For the past 40 years, Florida TaxWatch has published an annual report identifying some of the areas where turkey projects are taking place.
Florida TaxWatch identified 621 items on this year’s list that cost Florida taxpayers approximately $830 million.
“These are expenditures that circumvent or violate established budget procedures and legislative and public oversight,” the report states.
A cleaner version is:

TaxWatch leadership contends that most of these projects involve issues that should be decided by local governments, not state legislatures.
Despite Republicans controlling Florida’s House and Senate and repeatedly calling for a slimmer budget, TaxWatch says elected officials have approved more local projects than ever before.
Here’s some of the breakdown from TaxWatch:
Members of the House and Senate have submitted more than 5,600 project requests totaling $12.5 billion, an average of 35 requests and $78 million per member. These totals exceed last year’s total of 5,100 requests worth $11.7 billion.
The fiscal year 2026-27 budget includes approximately 2,000 local member projects worth $2.7 billion. Nearly all Congressional projects in the budget were requested by both House members and senators, so the average senator received funding for approximately 45 projects (worth $60 million) and the average House member received funding for 15 projects (worth $20 million).
Where do these low-budget turkeys come from?
Construction of higher education. On the TaxWatch list, 11 university projects ($76.8 million) and 11 university projects ($71.7 million) received funding despite not being on the legally required priority list. Meanwhile, some of the top projects did not receive funding.

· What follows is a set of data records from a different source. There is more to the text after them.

(* Let $S$ and $T$ be bottomed linearly ordered sets and let $\psi\colon S\to T$ satisfy: (1) $\psi$ is isotone; (2) if $\psi(x)=\perp_T$ then $x=\perp_S$; (3) $\psi$ is continuous at $\perp_S$, i.e. for every $\epsilon\in T^*$ there exists $\delta\in S^*$ such that $x<\delta$ implies $\psi(x)<\epsilon$. Let $X$ be a topological space and $d\in\mathrm{Ult}(X;S)$. Then $\psi\circ d\in\mathrm{Ult}(X;T)$, $d$ and $\psi\circ d$ generate the same topology on $X$, and moreover they are uniformly equivalent to each other.
   Context: A bottomed linearly ordered set $S$ has a least element $\perp_S$; $S^*=S\setminus\{\perp_S\}$. A map is isotone if $x\le y$ implies $\psi(x)\le\psi(y)$. An $S$-ultrametric on $X$ is $d\colon X\times X\to S$ with $d(x,y)=\perp_S\iff x=y$, $d(x,y)=d(y,x)$, and $d(x,y)\le\max\{d(x,z),d(z,y)\}$; its topology is generated by the open balls $\{y:d(x,y)<\epsilon\}$, $\epsilon\in S^*$. $\mathrm{Ult}(X;S)$ is the set of $S$-ultrametrics generating the topology of $X$. An $S$-ultrametric $d$ and a $T$-ultrametric $e$ on $X$ are uniformly equivalent if for every $\epsilon\in T^*$ there is $\delta\in S^*$ with $d(x,y)<\delta\Rightarrow e(x,y)<\epsilon$, and for every $\epsilon\in S^*$ there is $\delta\in T^*$ with $e(x,y)<\delta\Rightarrow d(x,y)<\epsilon$. *)

From HB Require Import structures.
From mathcomp Require Import all_boot all_order.
From mathcomp Require Import boolp classical_sets topology.
Set Implicit Arguments. Unset Strict Implicit. Unset Printing Implicit Defensive.
Import Order.TTheory.
Local Open Scope order_scope.
Local Open Scope classical_set_scope.

(* A bottomed linearly ordered set is a [bOrderType dS]; its least element is
   [\bot]; S^* = S minus \bot. *)

Definition is_ultrametric {dS} (S : bOrderType dS) (X : Type) (d : X -> X -> S) : Prop :=
  [/\ (forall x y, d x y = \bot <-> x = y),
      (forall x y, d x y = d y x) &
      (forall x y z, d x y <= Order.max (d x z) (d z y))].

Definition uball {dS} (S : bOrderType dS) (X : Type) (d : X -> X -> S) (x : X) (eps : S) : set X :=
  [set y | d x y < eps].

(* open sets of the topology generated by the open balls (eps in S^* ):
   unions of open balls *)
Definition ult_open {dS} (S : bOrderType dS) (X : Type) (d : X -> X -> S) (U : set X) : Prop :=
  forall x, U x -> exists z (eps : S), eps != \bot /\ uball d z eps x /\ uball d z eps `<=` U.

Definition Ult {dS} (S : bOrderType dS) (X : topologicalType) (d : X -> X -> S) : Prop :=
  is_ultrametric d /\ (forall U : set X, open U <-> ult_open d U).

Definition uniformly_equivalent {dS dT} (S : bOrderType dS) (T : bOrderType dT) (X : Type)
  (d : X -> X -> S) (e : X -> X -> T) : Prop :=
  (forall eps : T, eps != \bot -> exists delta : S, delta != \bot /\
     forall x y, d x y < delta -> e x y < eps) /\
  (forall eps : S, eps != \bot -> exists delta : T, delta != \bot /\
     forall x y, e x y < delta -> d x y < eps).

From HB Require Import structures.
From mathcomp Require Import all_boot all_order.
From mathcomp Require Import boolp classical_sets topology.
Set Implicit Arguments. Unset Strict Implicit. Unset Printing Implicit Defensive.
Import Order.TTheory.
Local Open Scope order_scope.
Local Open Scope classical_set_scope.

(* Uniform equivalence makes every ball of one ultrametric contain a ball of
   the other with the same centre, and in an ultrametric space every point of
   a ball is a centre of it; hence the two families of balls generate the same
   open sets.  The monotone map psi preserves the ultrametric inequality, and
   continuity at the bottom together with isotonicity give the two halves of
   the uniform equivalence of d and psi o d. *)

Lemma ultrametric_dist_xx {dS} (S : bOrderType dS) (X : Type) (d : X -> X -> S) :
  is_ultrametric d -> forall x, d x x = \bot.
Proof. by case=> d0 _ _ x; apply/d0. Qed.

Lemma ult_open_transfer {dS dT} (S : bOrderType dS) (T : bOrderType dT) (X : Type)
    (d : X -> X -> S) (e : X -> X -> T) :
  is_ultrametric d -> (forall x, e x x = \bot) ->
  (forall eps : S, eps != \bot -> exists delta : T, delta != \bot /\
     forall x y, e x y < delta -> d x y < eps) ->
  forall U, ult_open d U -> ult_open e U.
Proof.
move=> [_ _ d_tri] e_xx e_ctrl U dU x Ux.
have [z [eps [eps_gt0 [dzx ball_sub]]]] := dU x Ux.
have [delta [delta_gt0 hdelta]] := e_ctrl eps eps_gt0.
exists x, delta; split=> //; split; first by rewrite /uball /= e_xx lt0x.
move=> y /hdelta dxy; apply: ball_sub.
by apply: le_lt_trans (d_tri z y x) _; rewrite gt_max dzx dxy.
Qed.

Lemma ult_open_uniformly_equivalent {dS dT} (S : bOrderType dS) (T : bOrderType dT)
    (X : Type) (d : X -> X -> S) (e : X -> X -> T) :
  is_ultrametric d -> is_ultrametric e -> uniformly_equivalent d e ->
  forall U, ult_open d U <-> ult_open e U.
Proof.
move=> d_um e_um [d_ctrl e_ctrl] U; split.
- exact: ult_open_transfer d_um (ultrametric_dist_xx e_um) e_ctrl U.
- exact: ult_open_transfer e_um (ultrametric_dist_xx d_um) d_ctrl U.
Qed.

Lemma Ult_uniformly_equivalent {dS dT} (S : bOrderType dS) (T : bOrderType dT)
    (X : topologicalType) (d : X -> X -> S) (e : X -> X -> T) :
  Ult d -> is_ultrametric e -> uniformly_equivalent d e -> Ult e.
Proof.
move=> [d_um d_top] e_um de; split=> // U.
by rewrite d_top; apply: ult_open_uniformly_equivalent.
Qed.

Section IsotoneRescaling.
Variables (dS dT : Order.disp_t) (S : bOrderType dS) (T : bOrderType dT).
Variable psi : S -> T.
Hypothesis psi_iso : {homo psi : x y / x <= y}.
Hypothesis psi_bot : forall x : S, psi x = \bot -> x = \bot.
Hypothesis psi_cont : forall eps : T, eps != \bot -> exists delta : S,
  delta != \bot /\ forall x : S, x < delta -> psi x < eps.

Lemma rescale_bot : psi \bot = \bot.
Proof.
apply/eqP; apply: contraT => psi0_gt0.
have [delta [delta_gt0 hdelta]] := psi_cont psi0_gt0.
by have := hdelta \bot; rewrite lt0x delta_gt0 ltxx => /(_ isT).
Qed.

Lemma rescale_neq_bot (x : S) : x != \bot -> psi x != \bot.
Proof. by apply: contra => /eqP /psi_bot ->. Qed.

Lemma rescale_max (x y : S) : psi (Order.max x y) = Order.max (psi x) (psi y).
Proof.
case: (leP x y) => [/psi_iso xy | /ltW /psi_iso yx].
- by rewrite (max_idPr xy).
- by rewrite (max_idPl yx).
Qed.

Variables (X : Type) (d : X -> X -> S).

Lemma is_ultrametric_rescale :
  is_ultrametric d -> is_ultrametric (fun x y => psi (d x y)).
Proof.
move=> /[dup] d_um [d0 d_sym d_tri]; split=> [x y|x y|x y z].
- split; first by move/psi_bot/d0.
  by move=> ->; rewrite (ultrametric_dist_xx d_um) rescale_bot.
- by rewrite d_sym.
- by rewrite -rescale_max; apply/psi_iso/d_tri.
Qed.

Lemma uniformly_equivalent_rescale :
  uniformly_equivalent d (fun x y => psi (d x y)).
Proof.
split=> eps /[dup] eps_gt0.
- move=> /psi_cont [delta [delta_gt0 hdelta]].
  by exists delta; split=> // x y /hdelta.
- move=> _; exists (psi eps); split; first exact: rescale_neq_bot.
  by move=> x y; rewrite !ltNge; apply: contra => /psi_iso.
Qed.

End IsotoneRescaling.

Theorem lemma2p36 {dS dT} (S : bOrderType dS) (T : bOrderType dT) (psi : S -> T)
  (psi_iso : forall x y : S, x <= y -> psi x <= psi y)
  (psi_bot : forall x : S, psi x = \bot -> x = \bot)
  (psi_cont : forall eps : T, eps != \bot -> exists delta : S, delta != \bot /\
                forall x : S, x < delta -> psi x < eps)
  (X : topologicalType) (d : X -> X -> S) (hd : Ult d) :
  Ult (fun x y => psi (d x y)) /\
  (forall U : set X, ult_open d U <-> ult_open (fun x y => psi (d x y)) U) /\
  uniformly_equivalent d (fun x y => psi (d x y)).
Proof.
have psi_um := is_ultrametric_rescale psi_iso psi_bot psi_cont hd.1.
have psi_ue := uniformly_equivalent_rescale psi_iso psi_bot psi_cont d.
split; first exact: Ult_uniformly_equivalent psi_um psi_ue.
split=> //; exact: ult_open_uniformly_equivalent hd.1 psi_um psi_ue.
Qed.
(* The chain-rule factorization p(g) = P(head of g) * (tail factor), where the
   tail factor only depends on the head set and on the values from k on. *)
Lemma p_factor g k : (2 <= k <= n.-1)%N -> p g = head_prob g k * tail_factor k g.
Proof.
move=> /andP[le2k lekn]; rewrite -head_prob_last.
by apply: head_prob_telescope; rewrite ?le2k ?lekn.
Qed.

Lemma head_prob_ext g h m :
  (forall a : 'I_n, (a < m)%N -> g a = h a) -> head_prob g m = head_prob h m.
Proof.
move=> eq_gh; apply: Pr_ext => s /=; apply: eq_forallb => a.
by case: (ltnP a m) => // lt_am; rewrite eq_gh.
Qed.

Lemma chain_factor_ext g h m :
  (forall a : 'I_n, val a = m -> g a = h a) -> head_set g m = head_set h m ->
  chain_factor m g = chain_factor m h.
Proof.
move=> eq_at eq_head; rewrite /chain_factor; case: insubP => // k _ val_k.
by rewrite -val_k in eq_head; rewrite /step_factor eq_at // eq_head.
Qed.
(* Let $k\ge2$, $-\frac{\pi}{2}\le\theta_1<\dots<\theta_k\le\frac{\pi}{2}$, $\hat\theta_1,\dots,\hat\theta_k\in[-\frac{\pi}{2},\frac{\pi}{2}]$, and $\epsilon>0$. If $$\|\eta_{k,k}(e^{i\theta_1},\dots,e^{i\theta_k},e^{i\hat\theta_1},\dots,e^{i\hat\theta_k})\|_\infty<\Big(\frac{2}{\pi}\Big)^k\epsilon\quad\text{and}\quad\theta_{\min}=\min_{q\ne j}|\theta_q-\theta_j|\ge\Big(\frac{4\epsilon}{\lambda(k)}\Big)^{1/k},$$ then after reordering the $\hat\theta_j$, for all $j=1,\dots,k$, $$|\hat\theta_j-\theta_j|<\frac{\theta_{\min}}{2}\quad\text{and}\quad|\hat\theta_j-\theta_j|\le\frac{2^{k-1}\epsilon}{(k-2)!\,\theta_{\min}^{k-1}}.$$
   Context: For $z_1,\dots,z_p,\hat z_1,\dots,\hat z_q\in\mathbb C$, $\eta_{p,q}(z_1,\dots,z_p,\hat z_1,\dots,\hat z_q)\in\mathbb R^p$ is the vector whose $j$-th entry is $\prod_{l=1}^q|z_j-\hat z_l|$. For an integer $k\ge1$: $\xi(1)=\frac12$; $\xi(k)=\frac{(\frac{k-1}{2})!(\frac{k-3}{2})!}{4}$ if $k\ge3$ is odd; $\xi(k)=\frac{((\frac{k-2}{2})!)^2}{4}$ if $k$ is even. For $k\ge2$: $\lambda(2)=1$ and $\lambda(k)=\xi(k-2)$ for $k\ge3$. *)

From Stdlib Require Import Reals Lra Lia Arith List.
Open Scope R_scope.

(* Modulus of a complex number a + i b. *)
Definition cmod (a b : R) : R := sqrt (a ^ 2 + b ^ 2).

(* |e^{i t} - e^{i s}| *)
Definition unit_dist (t s : R) : R := cmod (cos t - cos s) (sin t - sin s).

(* Product over l = 0..q-1 of |z_j - zh_l|, where z and zh are given by their
   real and imaginary parts (indices start at 0). *)
Fixpoint prod_dist (zre zim : R) (zhre zhim : nat -> R) (q : nat) : R :=
  match q with
  | O => 1
  | S q' => prod_dist zre zim zhre zhim q' * cmod (zre - zhre q') (zim - zhim q')
  end.

(* j-th entry (0-based) of eta_{p,q}(z_1..z_p, zh_1..zh_q). *)
Definition eta_entry (q : nat) (zre zim zhre zhim : nat -> R) (j : nat) : R :=
  prod_dist (zre j) (zim j) zhre zhim q.

Fixpoint norm_inf (p : nat) (v : nat -> R) : R :=
  match p with
  | O => 0
  | S p' => Rmax (norm_inf p' v) (Rabs (v p'))
  end.

(* ||eta_{p,q}(e^{i th_1},...,e^{i th_p}, e^{i thh_1},...,e^{i thh_q})||_inf *)
Definition eta_unit_norm (p q : nat) (th thh : nat -> R) : R :=
  norm_inf p (eta_entry q (fun j => cos (th j)) (fun j => sin (th j))
                          (fun l => cos (thh l)) (fun l => sin (thh l))).

(* xi(k) as in the paper (k >= 1; value at 0 irrelevant). *)
Definition xi (k : nat) : R :=
  match k with
  | O => 0
  | 1%nat => / 2
  | _ => if Nat.odd k
         then INR (fact ((k - 1) / 2)) * INR (fact ((k - 3) / 2)) / 4
         else (INR (fact ((k - 2) / 2))) ^ 2 / 4
  end.

Definition lambda (k : nat) : R :=
  match k with
  | 2%nat => 1
  | _ => xi (k - 2)
  end.

Definition is_theta_min (k : nat) (th : nat -> R) (m : R) : Prop :=
  (forall q j, (q < k)%nat -> (j < k)%nat -> q <> j -> m <= Rabs (th q - th j)) /\
  (exists q j, (q < k)%nat /\ (j < k)%nat /\ q <> j /\ m = Rabs (th q - th j)).

(* Jordan's inequality turns the hypothesis on [eta] into [prod_l |th_j - thh_l| < eps] for
   every [j].  Let [p] and [q] be the monic polynomials with roots [thh] and [th].  Partial
   fractions give [p x / q x = 1 - sum_i p (th_i) / (q' (th_i) (th_i - x))]; at distance
   [tmin / 2] from every [th_i], the bound [|q' (th_i)| >= i! (k-1-i)! tmin^(k-1)] and the
   threshold on [tmin] make the sum smaller than [1], so [p / q > 0] there.  As [q] changes sign
   between [th_j - tmin / 2] and [th_j + tmin / 2], so does [p]: some [thh_l] lies within
   [tmin / 2] of [th_j], and these intervals are disjoint, which gives the matching.  In the
   product at [th_j] every factor but the matched one is at least [(2 |i - j| - 1) tmin / 2],
   which gives the error bound. *)

From Stdlib Require Import Reals Arith Lra Lia List Permutation ClassicalEpsilon.
Open Scope R_scope.

Fixpoint rprod (n : nat) (f : nat -> R) : R :=
  match n with O => 1 | S n => rprod n f * f n end.

Fixpoint rsum (n : nat) (f : nat -> R) : R :=
  match n with O => 0 | S n => rsum n f + f n end.

Lemma rprod_ext n f g : (forall i, (i < n)%nat -> f i = g i) -> rprod n f = rprod n g.
Proof.
  induction n as [|n IH]; intros Hfg; simpl; [reflexivity|].
  rewrite IH by (intros; apply Hfg; lia). rewrite Hfg by lia. reflexivity.
Qed.

Lemma rsum_ext n f g : (forall i, (i < n)%nat -> f i = g i) -> rsum n f = rsum n g.
Proof.
  induction n as [|n IH]; intros Hfg; simpl; [reflexivity|].
  rewrite IH by (intros; apply Hfg; lia). rewrite Hfg by lia. reflexivity.
Qed.

Lemma rprod_shift n f : rprod (S n) f = f 0%nat * rprod n (fun t => f (S t)).
Proof. induction n as [|n IH]; simpl in *; [ring|]. rewrite IH. ring. Qed.

Lemma rsum_shift n f : rsum (S n) f = f 0%nat + rsum n (fun t => f (S t)).
Proof. induction n as [|n IH]; simpl in *; [ring|]. rewrite IH. ring. Qed.

Lemma rprod_mult n f g : rprod n (fun i => f i * g i) = rprod n f * rprod n g.
Proof. induction n as [|n IH]; simpl; [ring|]. rewrite IH. ring. Qed.

Lemma rprod_scal n c f : rprod n (fun i => c * f i) = c ^ n * rprod n f.
Proof. induction n as [|n IH]; simpl; [ring|]. rewrite IH. ring. Qed.

Lemma rprod_abs n f : Rabs (rprod n f) = rprod n (fun i => Rabs (f i)).
Proof. induction n as [|n IH]; simpl; [apply Rabs_R1|]. rewrite Rabs_mult, IH. reflexivity. Qed.

Lemma rsum_add n f g : rsum n (fun i => f i + g i) = rsum n f + rsum n g.
Proof. induction n as [|n IH]; simpl; [ring|]. rewrite IH. ring. Qed.

Lemma rsum_scal n c f : rsum n (fun i => c * f i) = c * rsum n f.
Proof. induction n as [|n IH]; simpl; [ring|]. rewrite IH. ring. Qed.

Lemma rsum_abs n f : Rabs (rsum n f) <= rsum n (fun i => Rabs (f i)).
Proof.
  induction n as [|n IH]; simpl; [rewrite Rabs_R0; lra|].
  eapply Rle_trans; [apply Rabs_triang | lra].
Qed.

Lemma rsum_le n f g : (forall i, (i < n)%nat -> f i <= g i) -> rsum n f <= rsum n g.
Proof.
  induction n as [|n IH]; intros Hfg; simpl; [lra|].
  assert (rsum n f <= rsum n g) by (apply IH; intros; apply Hfg; lia).
  assert (f n <= g n) by (apply Hfg; lia). lra.
Qed.

Lemma rsum_lt n f g :
  (0 < n)%nat -> (forall i, (i < n)%nat -> f i < g i) -> rsum n f < rsum n g.
Proof.
  intros Hn Hfg. destruct n as [|n]; [lia|]. simpl.
  assert (rsum n f <= rsum n g) by (apply rsum_le; intros; left; apply Hfg; lia).
  assert (f n < g n) by (apply Hfg; lia). lra.
Qed.

Lemma rprod_nonneg n f : (forall i, (i < n)%nat -> 0 <= f i) -> 0 <= rprod n f.
Proof.
  induction n as [|n IH]; intros Hf; simpl; [lra|].
  apply Rmult_le_pos; [apply IH; intros|]; apply Hf; lia.
Qed.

No improvement in water quality was observed. For the second year in a row, Congress allocated all $380 million in Water Quality Improvement Grant Program funds to 344 individual member projects, using an implementing bill that overrode a competitive, standards-based process that Congress itself created.
Wasteful spending on local parks, historic preservation, cultural facilities, library construction, and local transportation projects.
Millions of dollars in public funds were spent with no formal selection criteria, no competitive rankings, and limited accountability for results, TaxWatch found.
The total amount will reach $441.1 million, as well as hundreds of additional projects in housing and community development, law enforcement, fire protection, emergency management, education, workforce development, and more.
Regarding the state’s long-term fiscal outlook, TaxWatch researchers say that if the number of wasteful items continues to increase, the state will face a budget shortfall.
“Many in the Florida Legislature have rightly criticized local governments for their rapid property tax and budget growth and wasteful and inefficient spending,” an excerpt from the report reads. “Yet, lawmakers continue to request and fund billions of dollars for projects back in their districts to reward local governments that may not adequately protect taxpayers. And while many of these projects are worthwhile, many more are not priorities or even essential.”